SwiftSoup handles these situations gracefully by treating unknown tags as regular elements, making them fully accessible through its parsing API.

Basic Setup and Installation

First, ensure you have SwiftSoup installed in your iOS project. Add it to your Package.swift or through Xcode's Package Manager:

dependencies: [
    .package(url: "https://github.com/scinfu/SwiftSoup.git", from: "2.4.3")
]

Import SwiftSoup in your Swift file:

import SwiftSoup

Parsing Custom Tags

Simple Custom Tag Parsing

Here's how to parse HTML containing custom tags:

import SwiftSoup

func parseCustomTags() {
    let htmlContent = """
    <html>
    <body>
        <user-profile id="123">
            <user-name>John Doe</user-name>
            <user-email>john@example.com</user-email>
            <custom-data type="preferences">
                <theme>dark</theme>
                <language>en-US</language>
            </custom-data>
        </user-profile>
        <widget-container>
            <data-widget source="api" refresh="5000">
                <widget-title>Live Stats</widget-title>
                <widget-content>Loading...</widget-content>
            </data-widget>
        </widget-container>
    </body>
    </html>
    """

    do {
        let document = try SwiftSoup.parse(htmlContent)

        // Extract data from custom tags
        let userProfile = try document.select("user-profile").first()
        let userName = try userProfile?.select("user-name")?.text()
        let userEmail = try userProfile?.select("user-email")?.text()

        print("User Name: \(userName ?? "N/A")")
        print("User Email: \(userEmail ?? "N/A")")

        // Access custom attributes
        let userId = try userProfile?.attr("id")
        print("User ID: \(userId ?? "N/A")")

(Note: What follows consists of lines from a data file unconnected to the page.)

(* Let $A$ and $B$ be nontrivial commutative groups. (a) The $\mathbb{Z}[A]$-submodule of $B^A$ generated by $\{\delta_{0,b}: b\in B\}$ is the set of all $f\in B^A$ with $f(a)=0$ for all but finitely many $a\in A$. Hence this set generates $B^A$ as a $\mathbb{Z}[A]$-module if and only if $A$ is finite. (b) If $A$ is finite and $B=\mathbb{Z}/n\mathbb{Z}$ for some $n\ge2$, then the $(\mathbb{Z}/n\mathbb{Z})[A]$-module $B^A$ is free of rank $1$, generated by $\delta_{a,u}$ for any $a\in A$ and any unit $u\in(\mathbb{Z}/n\mathbb{Z})^\times$. (c) If $A$ is finite and $B$ has finite exponent, then for every $a\in A$ and every $b\in B$ of order $\exp(B)$ we have $\delta(A,B)=\operatorname{fdeg}(\delta_{a,b})$.
   Context: For commutative groups $A,B$, $B^A$ denotes the commutative group (under pointwise addition) of all maps $A\to B$. It is a $\mathbb{Z}[A]$-module via $(\sum_a n_a[a])f=\sum_a n_a\tau_a f$, where $(\tau_a f)(x)=f(x+a)$; when $B$ has finite exponent $n$ this is a $(\mathbb{Z}/n\mathbb{Z})[A]$-module. For $a\in A$, $\Delta_a f=\tau_af-f$. Let $\widetilde{\mathbb N}=\mathbb N\cup\{-\infty,\infty\}$, totally ordered with $-\infty$ least and $\infty$ greatest. The functional degree $\operatorname{fdeg}(f)$ of $f\in B^A$ is: $-\infty$ if $f=0$; otherwise the least $n\in\mathbb N$ such that $\Delta_{a_1}\cdots\Delta_{a_{n+1}}f=0$ for all $a_1,\dots,a_{n+1}\in A$; and $\infty$ if no such $n$ exists. $\delta(A,B)=\sup\{\operatorname{fdeg}(f): f\in B^A\}$. For $a\in A$, $b\in B$, $\delta_{a,b}\in B^A$ is given by $\delta_{a,b}(a)=b$ and $\delta_{a,b}(x)=0$ for $x\neq a$. *)

From HB Require Import structures.
From mathcomp Require Import all_boot all_order all_algebra.
From Stdlib Require Import ClassicalEpsilon.
Set Implicit Arguments. Unset Strict Implicit. Unset Printing Implicit Defensive.
Import GRing.Theory.
Local Open Scope ring_scope.

Definition nontrivial (G : zmodType) : Prop := exists x : G, x != 0.

Definition finite_type (T : eqType) : Prop := exists s : seq T, forall x, x \in s.

Definition delta (A B : zmodType) (a : A) (b : B) : A -> B :=
  fun x => if x == a then b else 0.

Definition tau (A B : zmodType) (a : A) (f : A -> B) : A -> B := fun x => f (x + a).
Definition Delta (A B : zmodType) (a : A) (f : A -> B) : A -> B :=
  fun x => f (x + a) - f x.

Definition fin_supp (A B : zmodType) (f : A -> B) : Prop :=
  exists s : seq A, forall x, x \notin s -> f x = 0.

(* Elements of the group ring Z[A] are represented as formal sums
   sum_a n_a [a], i.e. lists of pairs (n_a, a); the action on B^A is
   (sum n_a [a]) f = sum n_a tau_a f. *)
Definition ZA_act (A B : zmodType) (r : seq (int * A)) (f : A -> B) : A -> B :=
  fun x => \sum_(p <- r) (tau p.2 f x) *~ p.1.

Definition ZA_span (A B : zmodType) (S : (A -> B) -> Prop) (f : A -> B) : Prop :=
  exists (k : nat) (r : 'I_k -> seq (int * A)) (g : 'I_k -> (A -> B)),
    (forall i, S (g i)) /\ (forall x, f x = \sum_(i < k) ZA_act (r i) (g i) x).

Definition ZnA_act (A : finZmodType) (n : nat) (r : {ffun A -> 'Z_n})
    (f : A -> 'Z_n) : A -> 'Z_n :=
  fun x => \sum_(a : A) r a * tau a f x.

Inductive enat := NegInf | Fin of nat | PosInf.

Definition enat_le (x y : enat) : Prop :=
  match x, y with
  | NegInf, _ => True
  | _, PosInf => True
  | Fin m, Fin n => (m <= n)%N
  | _, _ => False
  end.

Definition iterDelta (A B : zmodType) (s : seq A) (f : A -> B) : A -> B :=
  foldr (fun a g => Delta a g) f s.

Definition vanishes (A B : zmodType) (n : nat) (f : A -> B) : Prop :=
  forall s : seq A, size s = n.+1 -> forall x, iterDelta s f x = 0.

Definition fdeg_spec (A B : zmodType) (f : A -> B) (d : enat) : Prop :=
  match d with
  | NegInf => forall x, f x = 0
  | Fin n => (exists x, f x <> 0) /\ vanishes n f /\
             (forall m, vanishes m f -> (n <= m)%N)
  | PosInf => (exists x, f x <> 0) /\ (forall n, ~ vanishes n f)
  end.

(* fdeg f: the unique d satisfying the specification (which always exists). *)
Definition fdeg (A B : zmodType) (f : A -> B) : enat :=
  epsilon (inhabits NegInf) (fdeg_spec f).

Definition is_lub_enat (S : enat -> Prop) (d : enat) : Prop :=
  (forall e, S e -> enat_le e d) /\
  (forall d', (forall e, S e -> enat_le e d') -> enat_le d d').

(* delta(A,B) = sup { fdeg f : f in B^A } (the sup exists in N ~). *)
Definition deltaAB (A B : zmodType) : enat :=
  epsilon (inhabits NegInf)
    (is_lub_enat (fun e => exists f : A -> B, fdeg f = e)).

Definition has_order (B : zmodType) (b : B) (m : nat) : Prop :=
  (0 < m)%N /\ b *+ m = 0 /\ (forall k, (0 < k)%N -> b *+ k = 0 -> (m <= k)%N).

Definition is_exponent (B : zmodType) (e : nat) : Prop :=
  (0 < e)%N /\ (forall b : B, b *+ e = 0) /\
  (forall k, (0 < k)%N -> (forall b : B, b *+ k = 0) -> (e <= k)%N).

(* (a) A finitely supported [f] is the sum of the [delta y (f y)] over its
   support, and [delta y b] is the translate of [delta 0 b] by [-y];
   conversely every element of the span vanishes off the finitely many
   translation points.  A nonzero constant map has finite support only if
   [A] is finite.
   (b) [r (delta a u) x = r (a - x) * u], which determines [r] and reaches
   every map when [u] is a unit.
   (c) Iterated differences are convolutions with an integer kernel:
   [Delta_s f x = sum_y diff_kernel s (x - y) f y], and in particular
   [Delta_s (delta a b) x = diff_kernel s (x - a) b].  If [Delta_s] kills
   [delta a b] with [b] of order [exp B], then [exp B] divides every value of
   the kernel, so [Delta_s] kills every [f]: [fdeg (delta a b)] bounds every
   functional degree. *)
From HB Require Import structures.
From mathcomp Require Import all_boot all_order all_algebra.
From Stdlib Require Import ClassicalEpsilon Classical.
Set Implicit Arguments. Unset Strict Implicit. Unset Printing Implicit Defensive.
Import GRing.Theory.
Local Open Scope ring_scope.

Definition delta0_maps (A B : zmodType) : (A -> B) -> Prop :=
  fun g => exists b : B, g = delta 0 b.

Lemma tau_delta (A B : zmodType) (c a : A) (b : B) x :
  tau c (delta a b) x = delta (a - c) b x.
Proof. by rewrite /tau /delta (can2_eq (addrK c) (subrK c)). Qed.

Lemma ZA_span_delta0_fin_supp (A B : zmodType) (f : A -> B) :
  ZA_span (@delta0_maps A B) f -> fin_supp f.
Proof.
move=> [k [r [g [gS f_eq]]]].
exists (flatten [seq [seq - p.2 | p <- r i] | i <- enum 'I_k]) => x x_out.
rewrite f_eq big1 // => i _; have [b ->] := gS i.
rewrite /ZA_act big1_seq // => p /andP[_ p_in].
rewrite tau_delta /delta sub0r.
case: eqP => [x_eq|_]; last by rewrite mul0rz.
case/negP: x_out; apply/flattenP; exists [seq - p.2 | p <- r i].
  by apply/mapP; exists i; rewrite ?mem_enum.
by rewrite x_eq (map_f (fun q : int * A => - q.2)).
Qed.

Lemma fin_supp_sum_delta (A B : zmodType) (s : seq A) (f : A -> B) x :
  uniq s -> (forall y, y \notin s -> f y = 0) ->
  f x = \sum_(y <- s) delta y (f y) x.
Proof.
move=> s_uniq f_supp; have [x_in|x_out] := boolP (x \in s).
  rewrite (bigD1_seq x) //= /delta eqxx big1 ?addr0 // => y y_neq.
  by rewrite eq_sym (negbTE y_neq).
rewrite f_supp // big1_seq // => y /andP[_ y_in]; rewrite /delta.
by case: eqP => // x_eq; rewrite x_eq y_in in x_out.
Qed.

Lemma fin_supp_ZA_span_delta0 (A B : zmodType) (f : A -> B) :
  fin_supp f -> ZA_span (@delta0_maps A B) f.
Proof.
move=> [s f_supp]; set t := undup s.
exists (size t), (fun i => [:: (1%:Z, - nth 0 t i)]),
  (fun i => delta 0 (f (nth 0 t i))).
split=> [i|x]; first by eexists.
rewrite (fin_supp_sum_delta x (undup_uniq s)) => [|y]; last first.
  by rewrite mem_undup; apply: f_supp.
rewrite (big_nth 0) big_mkord; apply: eq_bigr => i _.
by rewrite /ZA_act big_seq1 tau_delta sub0r opprK.
Qed.

Lemma ZA_span_delta0E (A B : zmodType) (f : A -> B) :
  ZA_span (@delta0_maps A B) f <-> fin_supp f.
Proof. by split; [apply: ZA_span_delta0_fin_supp | apply: fin_supp_ZA_span_delta0]. Qed.

Lemma finite_type_fin_supp (A B : zmodType) (f : A -> B) :
  finite_type A -> fin_supp f.
Proof. by move=> [s s_full]; exists s => x; rewrite s_full. Qed.

Lemma fin_supp_cst_finite_type (A B : zmodType) (b : B) :
  b != 0 -> fin_supp (fun _ : A => b) -> finite_type A.
Proof.
move=> b_neq0 [s s_supp]; exists s => x.
by apply: contraNT b_neq0 => /s_supp ->.
Qed.

Lemma ZnA_act_delta (A : finZmodType) n (r : {ffun A -> 'Z_n}) a u x :
  ZnA_act r (delta a u) x = r (a - x) * u.
Proof.
rewrite /ZnA_act (bigD1 (a - x)) //= big1 => [|c c_neq].
  by rewrite tau_delta /delta subKr eqxx addr0.
rewrite tau_delta /delta eq_sym (can2_eq (subKr a) (subKr a)).
by rewrite (negbTE c_neq) mulr0.
Qed.

Lemma ZnA_act_delta_unit_onto (A : finZmodType) n (a : A) (u : 'Z_n)
    (f : A -> 'Z_n) :
  u \is a GRing.unit -> exists r, forall x, ZnA_act r (delta a u) x = f x.
Proof.
move=> u_unit; exists [ffun c => f (a - c) * u^-1] => x.
by rewrite ZnA_act_delta ffunE divrK // subKr.
Qed.

Lemma ZnA_act_delta_unit_inj (A : finZmodType) n (a : A) (u : 'Z_n)
    (r1 r2 : {ffun A -> 'Z_n}) :
  u \is a GRing.unit ->
  (forall x, ZnA_act r1 (delta a u) x = ZnA_act r2 (delta a u) x) -> r1 = r2.
Proof.
move=> u_unit r12; apply/ffunP => c; have := r12 (a - c).
by rewrite !ZnA_act_delta subKr; apply: (mulIr u_unit).
Qed.

Definition diff_kernel (A : zmodType) (s : seq A) : A -> int :=
  iterDelta s (delta 0 1).

Lemma iterDelta_delta (A B : zmodType) (s : seq A) (a : A) (b : B) x :
  iterDelta s (delta a b) x = b *~ diff_kernel s (x - a).
Proof.
elim: s x => [|t s IHs] x /=.
  by rewrite /delta subr_eq0; case: eqP.
by rewrite /Delta !IHs -mulrzBr /diff_kernel /= /Delta addrAC.
Qed.

Lemma iterDelta_convolution (A : finZmodType) (B : zmodType) (s : seq A)
    (f : A -> B) x :
  iterDelta s f x = \sum_(y : A) f y *~ diff_kernel s (x - y).
Proof.
elim: s x => [|t s IHs] x /=.
  rewrite (fin_supp_sum_delta x (enum_uniq A)) => [|y]; last by rewrite mem_enum.
  by rewrite /index_enum -enumT; apply: eq_bigr => y _; rewrite -(iterDelta_delta [::]).
rewrite /Delta !IHs -sumrB; apply: eq_bigr => y _.
by rewrite -mulrzBr /diff_kernel /= /Delta addrAC.
Qed.

Lemma mulrz_eq0_mulrn (B : zmodType) (c : B) (k : int) :
  (c *~ k == 0) = (c *+ `|k|%N == 0).
Proof. by case: k => n //; rewrite NegzE mulrNz oppr_eq0. Qed.

Lemma has_order_dvdn (B : zmodType) (b : B) e m :
  has_order b e -> b *+ m = 0 -> (e %| m)%N.
Proof.
move=> [e_gt0 [be_eq0 e_min]] bm_eq0; apply/eqP.
have [//|mod_gt0] := posnP (m %% e)%N.
have bmod_eq0 : b *+ (m %% e) = 0.
  by move: bm_eq0; rewrite {1}(divn_eq m e) mulrnDr mulnC mulrnA be_eq0 mul0rn add0r.
by have := e_min _ mod_gt0 bmod_eq0; rewrite leqNgt ltn_pmod.
Qed.

Lemma is_exponent_mulrn_eq0 (B : zmodType) e (c : B) m :
  is_exponent B e -> (e %| m)%N -> c *+ m = 0.
Proof. by move=> [_ [ce_eq0 _]] /dvdnP[q ->]; rewrite mulnC mulrnA ce_eq0 mul0rn. Qed.

Lemma has_order_neq0 (B : zmodType) e (b : B) :
  nontrivial B -> is_exponent B e -> has_order b e -> b != 0.
Proof.
move=> [c c_neq0] [_ [ce_eq0 _]] [e_gt0 [_ e_min]]; apply: contraNneq c_neq0 => b_eq0.
have e_eq1 : e = 1%N by apply/eqP; rewrite eqn_leq e_min // b_eq0 mul0rn.
by rewrite -(ce_eq0 c) e_eq1.
Qed.

Lemma vanishes_delta_vanishes (A : finZmodType) (B : zmodType) e (a : A) (b : B)
    n (f : A -> B) :
  is_exponent B e -> has_order b e -> vanishes n (delta a b) -> vanishes n f.
Proof.
move=> expB ord_b delta_van s s_size x.
rewrite iterDelta_convolution big1 // => y _.
apply/eqP; rewrite mulrz_eq0_mulrn; apply/eqP/(is_exponent_mulrn_eq0 _ expB).
apply: (has_order_dvdn ord_b); apply/eqP; rewrite -mulrz_eq0_mulrn.
by have := delta_van s s_size (x - y + a); rewrite iterDelta_delta addrK => ->.
Qed.

Lemma ex_least_nat (P : nat -> Prop) :
  (exists n, P n) -> exists2 m, P m & forall k, P k -> (m <= k)%N.
Proof.
move=> [n Pn]; pose p k := if excluded_middle_informative (P k) then true else false.
have pP k : reflect (P k) (p k).
  by rewrite /p; case: excluded_middle_informative => ?; constructor.
have ex_p : exists k, p k by exists n; apply/pP.
by case: (ex_minnP ex_p) => m /pP Pm m_min; exists m => // k /pP /m_min.
Qed.

Lemma fdeg_specP (A B : zmodType) (f : A -> B) : fdeg_spec f (fdeg f).
Proof.
apply: epsilon_spec.
have [f_eq0|/not_all_ex_not f_neq0] := classic (forall x, f x = 0).
  by exists NegInf.
have [/ex_least_nat[m f_van m_min]|f_nvan] := classic (exists n, vanishes n f).
  by exists (Fin m).
by exists PosInf; split=> // n f_van; apply: f_nvan; exists n.
Qed.

Lemma fdeg_le_vanishes (A B : zmodType) (f g : A -> B) :
  (exists x, g x <> 0) -> (forall n, vanishes n g -> vanishes n f) ->
  enat_le (fdeg f) (fdeg g).
Proof.
move=> [x gx_neq0] van_gf; have := fdeg_specP f; have := fdeg_specP g.
case: (fdeg g) => [/(_ x)//|n [_ [g_van _]]|_]; last by case: (fdeg f).
case: (fdeg f) => // [m [_ [_ m_min]]|[_ f_nvan]].
  exact/m_min/van_gf.
by case: (f_nvan n); apply: van_gf.
Qed.

Lemma enat_le_anti (x y : enat) : enat_le x y -> enat_le y x -> x = y.
Proof. by case: x; case: y => //= m n mn nm; congr Fin; apply/eqP; rewrite eqn_leq mn. Qed.

Lemma deltaAB_max (A B : zmodType) (g : A -> B) :
  (forall f : A -> B, enat_le (fdeg f) (fdeg g)) -> deltaAB A B = fdeg g.
Proof.
move=> g_max.
have g_lub : is_lub_enat (fun d => exists f : A -> B, fdeg f = d) (fdeg g).
  by split=> [_ [f <-] //|d d_ub]; apply: d_ub; exists g.
have [ub lub] := epsilon_spec (inhabits NegInf) _ (ex_intro _ _ g_lub).
by apply: enat_le_anti; [exact: lub g_lub.1 | exact: g_lub.2 _ ub].
Qed.

Lemma deltaAB_delta (A : finZmodType) (B : zmodType) e (a : A) (b : B) :
  nontrivial B -> is_exponent B e -> has_order b e ->
  deltaAB A B = fdeg (delta a b).
Proof.
move=> B_nontriv expB ord_b; apply: deltaAB_max => f; apply: fdeg_le_vanishes.
  exists a; rewrite /delta eqxx; apply/eqP; exact: has_order_neq0 ord_b.
by move=> n; apply: vanishes_delta_vanishes expB ord_b.
Qed.

Theorem mainTheorem7 :
  (* (a) *)
  (forall (A B : zmodType), nontrivial A -> nontrivial B ->
     (forall f : A -> B,
        ZA_span (fun g => exists b : B, g = delta 0 b) f <-> fin_supp f) /\
     ((forall f : A -> B, ZA_span (fun g => exists b : B, g = delta 0 b) f)
        <-> finite_type A)) /\
  (* (b) *)
  (forall (A : finZmodType) (n : nat), nontrivial A -> (1 < n)%N ->
     forall (a : A) (u : 'Z_n), u \is a GRing.unit ->
       (forall f : A -> 'Z_n, exists r : {ffun A -> 'Z_n},
          forall x, ZnA_act r (delta a u) x = f x) /\
       (forall r1 r2 : {ffun A -> 'Z_n},
          (forall x, ZnA_act r1 (delta a u) x = ZnA_act r2 (delta a u) x) ->
          r1 = r2)) /\
  (* (c) *)
  (forall (A : finZmodType) (B : zmodType) (e : nat),
     nontrivial A -> nontrivial B -> is_exponent B e ->
     forall (a : A) (b : B), has_order b e ->
       deltaAB A B = fdeg (delta a b)).
Proof.
split; [|split].
- move=> A B _ [b b_neq0]; split=> [f|]; first exact: ZA_span_delta0E.
  split=> [span_all|A_fin f]; last exact/ZA_span_delta0E/finite_type_fin_supp.
  by apply: (fin_supp_cst_finite_type b_neq0); apply/ZA_span_delta0E/span_all.
- move=> A n _ _ a u u_unit; split=> [f|r1 r2].
    exact: ZnA_act_delta_unit_onto.
  exact: ZnA_act_delta_unit_inj.
- by move=> A B e _ B_nontriv expB a b ord_b; apply: deltaAB_delta ord_b.
Qed.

        // Parse nested custom elements
        let customData = try userProfile?.select("custom-data").first()
        let theme = try customData?.select("theme")?.text()
        let language = try customData?.select("language")?.text()

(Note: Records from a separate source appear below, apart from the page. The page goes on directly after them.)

Section Annihilation.
Variables (A : vectType K) (S : 'End(A) -> Prop).

Fixpoint annihilated (j : nat) (v : A) : Prop :=
  if j is j'.+1 then forall f, S f -> annihilated j' (f v) else v = 0.

Lemma annihilated_subspace j : subspace_pred (annihilated j).
Proof.
elim: j => [|j [IH0 IHP]]; first by split=> // a _ _ -> ->; rewrite scaler0 addr0.
split=> [f _ | a u v Hu Hv f Sf] /=; first by rewrite linear0.
by rewrite linearP; apply: IHP; [apply: Hu | apply: Hv].
Qed.

Lemma annihilatedS j v : annihilated j v -> annihilated j.+1 v.
Proof.
elim: j v => [|j IHj] v /=; first by move=> -> f _; rewrite linear0.
by move=> Hv f Sf; apply/IHj/Hv.
Qed.

Lemma annihilated_stable j f v : S f -> annihilated j v -> annihilated j (f v).
Proof. by move=> Sf /annihilatedS; apply. Qed.

Lemma annihilated_dim :
  (forall U : {vspace A}, U != fullv -> (forall f u, S f -> u \in U -> f u \in U) ->
     exists2 v, v \notin U & forall f, S f -> f v \in U) ->
  forall v, annihilated (dim A) v.
Proof.
move=> step; suff [X [XP dimX]] : exists X : {vspace A},
    (forall v, v \in X <-> annihilated (dim A) v) /\ (X = fullv \/ (dim A <= \dim X)%N).
  have X_full : X = fullv by case: dimX => // dimX; apply/eqP; rewrite eqEdim subvf dimvf.
  by move=> v; apply/XP; rewrite X_full memvf.
elim: (dim A) => [|j [X [XP dimX]]].
  by exists 0%VS; split; [move=> v; rewrite memv0; split => [/eqP|->] | right].
have [Y YP] := vspace_of_subspace_pred (annihilated_subspace j.+1).
exists Y; split=> //.
have XY : (X <= Y)%VS by apply/subvP => v /XP /annihilatedS /YP.
have [X_full | Xfull] := eqVneq X fullv.
  by left; apply/eqP; rewrite eqEsubv subvf -X_full.
have [|v vX Sv] := step X Xfull.
  by move=> f u Sf /XP Xu; apply/XP/annihilated_stable.
right; case: dimX => [X_eq | dimX]; first by rewrite X_eq eqxx in Xfull.
apply: leq_ltn_trans dimX _; rewrite (ltn_leqif (dimv_leqif_eq XY)).
by apply: contra vX => /eqP ->; apply/YP => f Sf; apply/XP/Sv.
Qed.

End Annihilation.

Theorem engel_pair (A : vectType K) (L1 L2 : {vspace 'End(A)}) :
  lie_subalgebra L1 -> lie_subalgebra L2 ->
  {in L1, forall f : 'End(A), nilpotent_op f} -> {in L2, forall f : 'End(A), nilpotent_op f} ->
  (forall f g, f \in L2 -> g \in L1 -> lcomm f g \in L1) ->
  forall v, annihilated (fun f => f \in L1 \/ f \in L2) (dim A) v.
Proof.
move=> lie1 lie2 nil1 nil2 L2L1; apply: annihilated_dim => U Ufull LU.
have [w _ wU] : exists2 w, w \in fullv & w \notin U.
  by apply/subvPn; apply: contra Ufull => fullU; rewrite eqEsubv subvf.
have [v1 [_ v1U L1v1]] := engel (W := fun _ => True) lie1 nil1
  (fun f u L1f => LU f u (or_introl L1f)) (fun _ _ _ _ => I) I wU.
have [|v [L1v vU L2v]] := engel (W := fun v => forall g, g \in L1 -> g v \in U) lie2 nil2
  (fun f u L2f => LU f u (or_intror L2f)) _ L1v1 v1U.
  move=> f u L2f L1u g L1g.
  have -> : g (f u) = f (g u) - lcomm f g u by rewrite lcommE opprB addrC subrK.
  by apply: memvB; [apply: LU; [right | apply: L1u] | apply/L1u/L2L1].
by exists v => // f [L1f | L2f]; [apply: L1v | apply: L2v].
Qed.

End LinearAlgebra.

Section PoissonNLie.
Variables (K : fieldType) (V : vectType K) (n' : nat).
Local Notation n := n'.+2.
Variables (mul : V -> V -> V) (br : ('I_n -> V) -> V).
Local Notation lcs := (lcs mul br).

        print("Theme: \(theme ?? "N/A")")
        print("Language: \(language ?? "N/A")")

    } catch {
        print("Error parsing HTML: \(error)")
    }
}

Handling XML Namespaces

SwiftSoup can also handle XML namespaces in HTML documents:

func parseNamespacedTags() {
    let htmlWithNamespaces = """
    <html xmlns:fb="http://www.facebook.com/2008/fbml" xmlns:og="http://ogp.me/ns#">
    <head>
        <og:title>Custom Page Title</og:title>
        <og:description>Page description for social sharing</og:description>
        <og:image>https://example.com/image.jpg</og:image>
        <fb:app_id>123456789</fb:app_id>
    </head>
    <body>
        <fb:like href="https://example.com" width="300" layout="standard"></fb:like>
        <custom:widget type="analytics">
            <custom:metric name="views">1234</custom:metric>
            <custom:metric name="clicks">56</custom:metric>
        </custom:widget>
    </body>
    </html>
    """

    do {
        let document = try SwiftSoup.parse(htmlWithNamespaces)

        // Parse Open Graph tags
        let ogTitle = try document.select("og\\:title").text()
        let ogDescription = try document.select("og\\:description").text()
        let ogImage = try document.select("og\\:image").text()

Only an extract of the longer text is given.